问题描述

大多数 of 次，定义重入引用自维基百科:

Most of the times, the definition of reentrance is quoted from Wikipedia:

计算机程序或例程是如果可以，则描述为可重入的安全在它之前再次调用之前的调用已经完成(即它可以安全地执行同时).为了可重入，一个计算机程序或例程:

1. 不得持有静态(或全局)非常量数据.
2. 不得将地址返回给静态(或全局)非常量数据.
3. 必须只处理提供的数据由来电者提供.
4. 不能依赖单例锁资源.
5. 不得修改自己的代码(除非在它自己独特的线程中执行存储)
6. 不得调用不可重入计算机程序或例程.

如何定义安全?

如果一个程序可以安全地并发执行，它是否总是意味着它是可重入的?

If a program can be safely executed concurrently, does it always mean that it is reentrant?

在检查代码的可重入功能时，我应该牢记的六点之间的共同点究竟是什么?

What exactly is the common thread between the six points mentioned that I should keep in mind while checking my code for reentrant capabilities?

还有，

1. 所有递归函数都是可重入的吗?
2. 所有线程安全函数都是可重入的吗?
3. 所有递归函数和线程安全函数都是可重入的吗?

在写这个问题的时候，想到一件事:重入和线程安全之类的术语是否是绝对的，即它们是否有固定的具体定义?因为，如果不是，这个问题就没有太大意义.
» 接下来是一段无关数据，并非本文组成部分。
Lemma cube_of_imset k (f : {set 'I_k} -> {set T}) :
  injective f -> #|A| = k -> (forall u, f u \in cube_of F A) ->
  [set f u | u : {set 'I_k}] = cube_of F A.
Proof.
move=> f_inj cardA f_cube; apply/eqP; rewrite eqEcard card_cube_of.
rewrite card_imset // -cardsT -powersetT card_powerset cardsT card_ord cardA leqnn andbT.
by apply/subsetP=> _ /imsetP[u _ ->].
Qed.

End CubeOf.

Lemma cube_of_inj (T : finType) :
  {in [pred p : {set T} * {set T} | [disjoint p.1 & p.2]] &,
   injective (fun p => cube_of p.1 p.2)}.
Proof.
move=> [F A] [F' A']; rewrite !inE /= => dFA dFA' E.
have base (G B G' B' : {set T}) : [disjoint G & B] -> [disjoint G' & B'] ->
    cube_of G B = cube_of G' B' -> G' \subset G /\ B \subset B'.
  move=> dGB dGB' EG; have mem X : X \in cube_of G B -> X :\: B' = G'.
    by rewrite EG mem_cube_of // => /eqP.
  have /mem GG' : G \in cube_of G B by rewrite mem_cube_of // (setDidPl dGB).
  have /mem GBG' : G :|: B \in cube_of G B.
    by rewrite mem_cube_of // setDUl setDv setU0 (setDidPl dGB).
  split; first by rewrite -GG' subsetDl.
  apply/subsetP=> x xB; apply: contraT => xB'.
  have : x \in G' by rewrite -GBG' !inE xB xB' orbT.
  by rewrite -GG' inE => /andP[_ /(disjointFr dGB)]; rewrite xB.
have [sF'F sAA'] := base _ _ _ _ dFA dFA' E.
have [sFF' sA'A] := base _ _ _ _ dFA' dFA (esym E).
by congr (_, _); apply/eqP; rewrite eqEsubset ?sFF' ?sAA'.
Qed.

Section CubeEmbedding.
Variables (T : finType) (k : nat) (f : {set 'I_k} -> {set T}).
Hypothesis f_inj : injective f.
Hypothesis f_adj :
  forall u v, (#|symdiff (f u) (f v)| == 1) = (#|symdiff u v| == 1).
Implicit Types (u w : {set 'I_k}) (i j : 'I_k).

Section Atoms.
Variable g : 'I_k -> T.
Hypothesis f_atom : forall i, f [set i] = symdiff (f set0) [set g i].

Lemma cube_atom_inj : injective g.
Proof. by move=> i j eq_g; apply/set1_inj/f_inj; rewrite !f_atom eq_g. Qed.

Lemma embedding_setU1 u i : i \notin u -> f (i |: u) = symdiff (f u) [set g i].
Proof.
elim/set_ind: u i => [|j w jw IHw] i; first by rewrite setU0 f_atom.
rewrite in_setU1 negb_or => /andP[ij iw].
have adj_w x y : x \notin y |: w -> #|symdiff (f (y |: w)) (f (x |: (y |: w)))| = 1.
  by move=> xyw; apply/eqP; rewrite f_adj symdiff_setU1.
(* f w, f (i |: w), f (j |: w) and f (i |: (j |: w)) form an induced square. *)
have D2 : symdiff (f w) (f (i |: (j |: w))) = [set g i; g j].
  apply: symdiff_pair.
  - by rewrite (inj_eq cube_atom_inj).
  - rewrite symdiff_eq0 (inj_eq f_inj); apply: contraNneq iw => ->.
    by rewrite setU11.
  - by rewrite symdiffAC -IHw // setUCA adj_w // in_setU1 negb_or eq_sym ij.
  - by rewrite symdiffAC -IHw // adj_w // in_setU1 negb_or ij.
have gij : g i \notin [set g j] by rewrite inE (inj_eq cube_atom_inj).
by rewrite -(symdiffKl (f w) (f _)) D2 -symdiff_set1 // symdiffA -IHw.
Qed.

Lemma embedding_imset u : f u = symdiff (f set0) (g @: u).
Proof.
elim/set_ind: u => [|j w jw IHw]; first by rewrite imset0 symdiffs0.
rewrite embedding_setU1 // IHw -symdiffA imsetU1 symdiff_set1 //.
by rewrite (mem_imset _ _ cube_atom_inj).
Qed.

End Atoms.

Lemma cube_embeddingP :
  exists2 g : 'I_k -> T, injective g & forall u, f u = symdiff (f set0) (g @: u).
Proof.
have /fin_all_exists[g f_atom] :
    forall i, exists p, f [set i] = symdiff (f set0) [set p].
  move=> i; have /cards1P[p Ep] : #|symdiff (f set0) (f [set i])| == 1.
    by rewrite f_adj -(setU0 [set i]) symdiff_setU1 ?inE.
  by exists p; rewrite -Ep symdiffKl.
by exists g; [apply: cube_atom_inj f_atom | apply: embedding_imset].
Qed.

Lemma cube_embedding_image :
  exists2 p : {set T} * {set T}, [disjoint p.1 & p.2] && (#|p.2| == k)
    & [set f u | u : {set 'I_k}] = cube_of p.1 p.2.
Proof.
have [g g_inj f_g] := cube_embeddingP.
pose A := g @: setT.
have cardA : #|A| = k by rewrite card_imset // cardsT card_ord.
have dFA : [disjoint f set0 :\: A & A].
  by rewrite -setI_eq0 setIDAC setDIl setDv setI0.
exists (f set0 :\: A, A); first by rewrite /= dFA cardA eqxx.
apply: cube_of_imset => // u; rewrite mem_cube_of // f_g.
apply/eqP/setP=> x; rewrite !in_setD in_symdiff.
case: (boolP (x \in A)) => [//|xA] /=.
have -> : x \in g @: u = false.
  by apply: contraNF xA => /imsetP[i _ ->]; rewrite imset_f ?inE.
by rewrite addbF.
Qed.

End CubeEmbedding.

Lemma cube_of_embedding (T : finType) (F A : {set T}) : [disjoint F & A] ->
  exists f : {set 'I_#|A|} -> {set T},
    [/\ injective f, forall u v, #|symdiff (f u) (f v)| = #|symdiff u v|
      & [set f u | u : {set 'I_#|A|}] = cube_of F A].
Proof.
move=> dFA; pose g (i : 'I_#|A|) := enum_val i.
have g_inj : injective g := enum_val_inj.
have gA (u : {set 'I_#|A|}) : g @: u \subset A.
  by apply/subsetP=> _ /imsetP[i _ ->]; apply: enum_valP.
pose f (u : {set 'I_#|A|}) := F :|: g @: u.
have f_symdiff (u v : {set 'I_#|A|}) : symdiff (f u) (f v) = g @: symdiff u v.
  rewrite symdiff_setUl ?imset_symdiff //.
  by apply: disjointWr dFA; rewrite subUset !gA.
have f_inj : injective f.
  by move=> u v /eqP; rewrite -symdiff_eq0 f_symdiff imset_eq0 symdiff_eq0 => /eqP.
exists f; split=> // [u v|]; first by rewrite f_symdiff card_imset.
apply: cube_of_imset => // u; rewrite mem_cube_of // setDUl (setDidPl dFA).
by move: (gA u); rewrite -setD_eq0 => /eqP->; rewrite setU0.
Qed.

Lemma omega_adjE n (X Y : {set 'I_n}) : omega_adj X Y = (#|symdiff X Y| == 1).
Proof.
have del (Z W : {set 'I_n}) x : x \in Z -> (W == Z :\ x) = (symdiff Z W == [set x]).
  move=> xZ; rewrite -symdiff_set1D // -(inj_eq (can_inj (symdiffKl Z))).
  by rewrite symdiffKl.
apply/idP/cards1P=> [/orP[]/existsP[x /andP[xZ]]|[x Ex]].
- by rewrite del // => /eqP; exists x.
- by rewrite del // symdiffC => /eqP; exists x.
have : x \in symdiff X Y by rewrite Ex set11.
rewrite in_symdiff; case: (boolP (x \in X)) => /= [xX _|_ xY]; apply/orP.
  by left; apply/existsP; exists x; rewrite xX del // Ex eqxx.
by right; apply/existsP; exists x; rewrite xY del // symdiffC Ex eqxx.
Qed.

Lemma induces_cubeP n k (S : {set {set 'I_n}}) :
  reflect (exists2 p : {set 'I_n} * {set 'I_n},
             [disjoint p.1 & p.2] && (#|p.2| == k) & S = cube_of p.1 p.2)
          (induces_cube k S).
Proof.
apply: (iffP existsP) => [[f /and3P[/injectiveP f_inj /eqP <- /forallP f_adj]]|].
  apply: cube_embedding_image f_inj _ => u v.
  by move/forallP/(_ v)/eqP: (f_adj u); rewrite omega_adjE.
case=> -[F A] /andP[/= dFA /eqP <-] ->.
have [f [f_inj f_adj f_img]] := cube_of_embedding dFA.
exists [ffun u => f u]; apply/and3P; split.
- by apply/injectiveP=> u v; rewrite !ffunE => /f_inj.
- by rewrite -f_img; apply/eqP/eq_imset=> u; rewrite ffunE.
- by apply/forallP=> u; apply/forallP=> v; rewrite !ffunE omega_adjE f_adj.
Qed.

(** * Filters of Xi_n *)

Section UpClosed.
Variables (T : finType) (e : rel T).
Implicit Types F A B X : {set T}.
Lemma pairing_half_bound n : 4 <= n -> pairing n (n.-1 %/ 2) -> ~~ odd n /\ n <= 18.
Proof.
move=> n_ge4 /pairing_moment; set l := n.-1 %/ 2.
have := sum_sq l; have := sum_distn_mid_sq n.
set q := \sum_(0 <= i < l) _; set T := \sum_(0 <= x < n) _ => sumT sumq.
have -> : \sum_(1 <= j < l.+1) j ^ 2 = q + l ^ 2.
  by rewrite -big_nat_recr // [RHS]big_ltn.
move=> bound.
have [n_odd|n_even] : n = 2 * l + 1 \/ n = 2 * l + 2 by rewrite /l; lia.
  have l_ge2 : 2 <= l by lia.
  have : 3 * l ^ 2 < 2 * l ^ 3 + l by nia.
  by rewrite n_odd in sumT; nia.
split; first by rewrite n_even; lia.
rewrite leqNgt; apply/negP => n_gt18; have l_ge9 : 9 <= l by lia.
have : 15 * l ^ 2 + 17 * l + 6 < 2 * l ^ 3 by nia.
by rewrite n_even in sumT; nia.
Qed.

End Pairing.

(* The [if] rather than [&&] keeps [vm_compute] from evaluating pruned branches. *)
Fixpoint pairing_search (n : nat) (final : seq nat -> seq nat -> bool) (l : nat)
    (ends centers : seq nat) : bool :=
  if l is k.+1 then
    has (fun x => if [&& l <= x, x + l < n, x \notin centers, x - l \notin ends &
                         x + l \notin ends]
                  then pairing_search n final k (x - l :: x + l :: ends) (x :: centers)
                  else false) (iota 0 n)
  else final ends centers.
While writing this question, one thing comes to mind:Are the terms like reentrance and thread safety absolute at all i.e. do they have fixed concrete definitions? For, if they are not, this question is not very meaningful.

推荐答案

1.安全是如何定义的?

语义上.在这种情况下，这不是一个硬定义的术语.这只是意味着你可以做到，没有风险".

1. How is safely defined?

Semantically. In this case, this is not a hard-defined term. It just mean "You can do that, without risk".

没有

例如，让我们有一个 C++ 函数，它将锁和回调作为参数:

For example, let's have a C++ function that takes both a lock, and a callback as a parameter:

#include <mutex>

typedef void (*callback)();
std::mutex m;

void foo(callback f)
{
    m.lock();
    // use the resource protected by the mutex

    if (f) {
        f();
    }

    // use the resource protected by the mutex
    m.unlock();
}

另一个函数很可能需要锁定同一个互斥锁:

Another function could well need to lock the same mutex:

void bar()
{
    foo(nullptr);
}

乍一看，一切似乎都很好……但是等等:

At first sight, everything seems ok… But wait:

int main()
{
    foo(bar);
    return 0;
}

如果互斥锁不是递归的，那么在主线程中会发生以下情况:

If the lock on mutex is not recursive, then here's what will happen, in the main thread:

1. main 将调用 foo.
2. foo 将获取锁.
3. foo 会调用 bar，后者会调用 foo.
4. 第二个 foo 将尝试获取锁，失败并等待它被释放.
5. 僵局.
6. 糟糕……

1. main will call foo.
2. foo will acquire the lock.
3. foo will call bar, which will call foo.
4. the 2nd foo will try to acquire the lock, fail and wait for it to be released.
5. Deadlock.
6. Oops…

好吧，我欺骗了，使用回调的东西.但是很容易想象具有类似效果的更复杂的代码段.

Ok, I cheated, using the callback thing. But it's easy to imagine more complex pieces of code having a similar effect.

如果您的函数具有/授予访问可修改持久资源的权限，或者具有/授予访问异味的功能，则您可以嗅到问题.

You can smell a problem if your function has/gives access to a modifiable persistent resource, or has/gives access to a function that smells.

(好吧，我们 99% 的代码都应该有味道，然后……请参阅最后一节来处理那个……)

因此，在研究您的代码时，其中一点应该提醒您:

So, studying your code, one of those points should alert you:

1. 函数有状态(即访问全局变量，甚至类成员变量)
2. 这个函数可以被多个线程调用，也可以在进程执行时在堆栈中出现两次(即函数可以直接或间接调用自身).函数将回调作为参数气味很多.

请注意，不可重入是病毒式的:可以调用可能的不可重入函数的函数不能被视为可重入.

Note that non-reentrancy is viral : A function that could call a possible non-reentrant function cannot be considered reentrant.

还要注意，C++ 方法气味，因为它们可以访问this，因此您应该研究代码以确保它们没有有趣的交互.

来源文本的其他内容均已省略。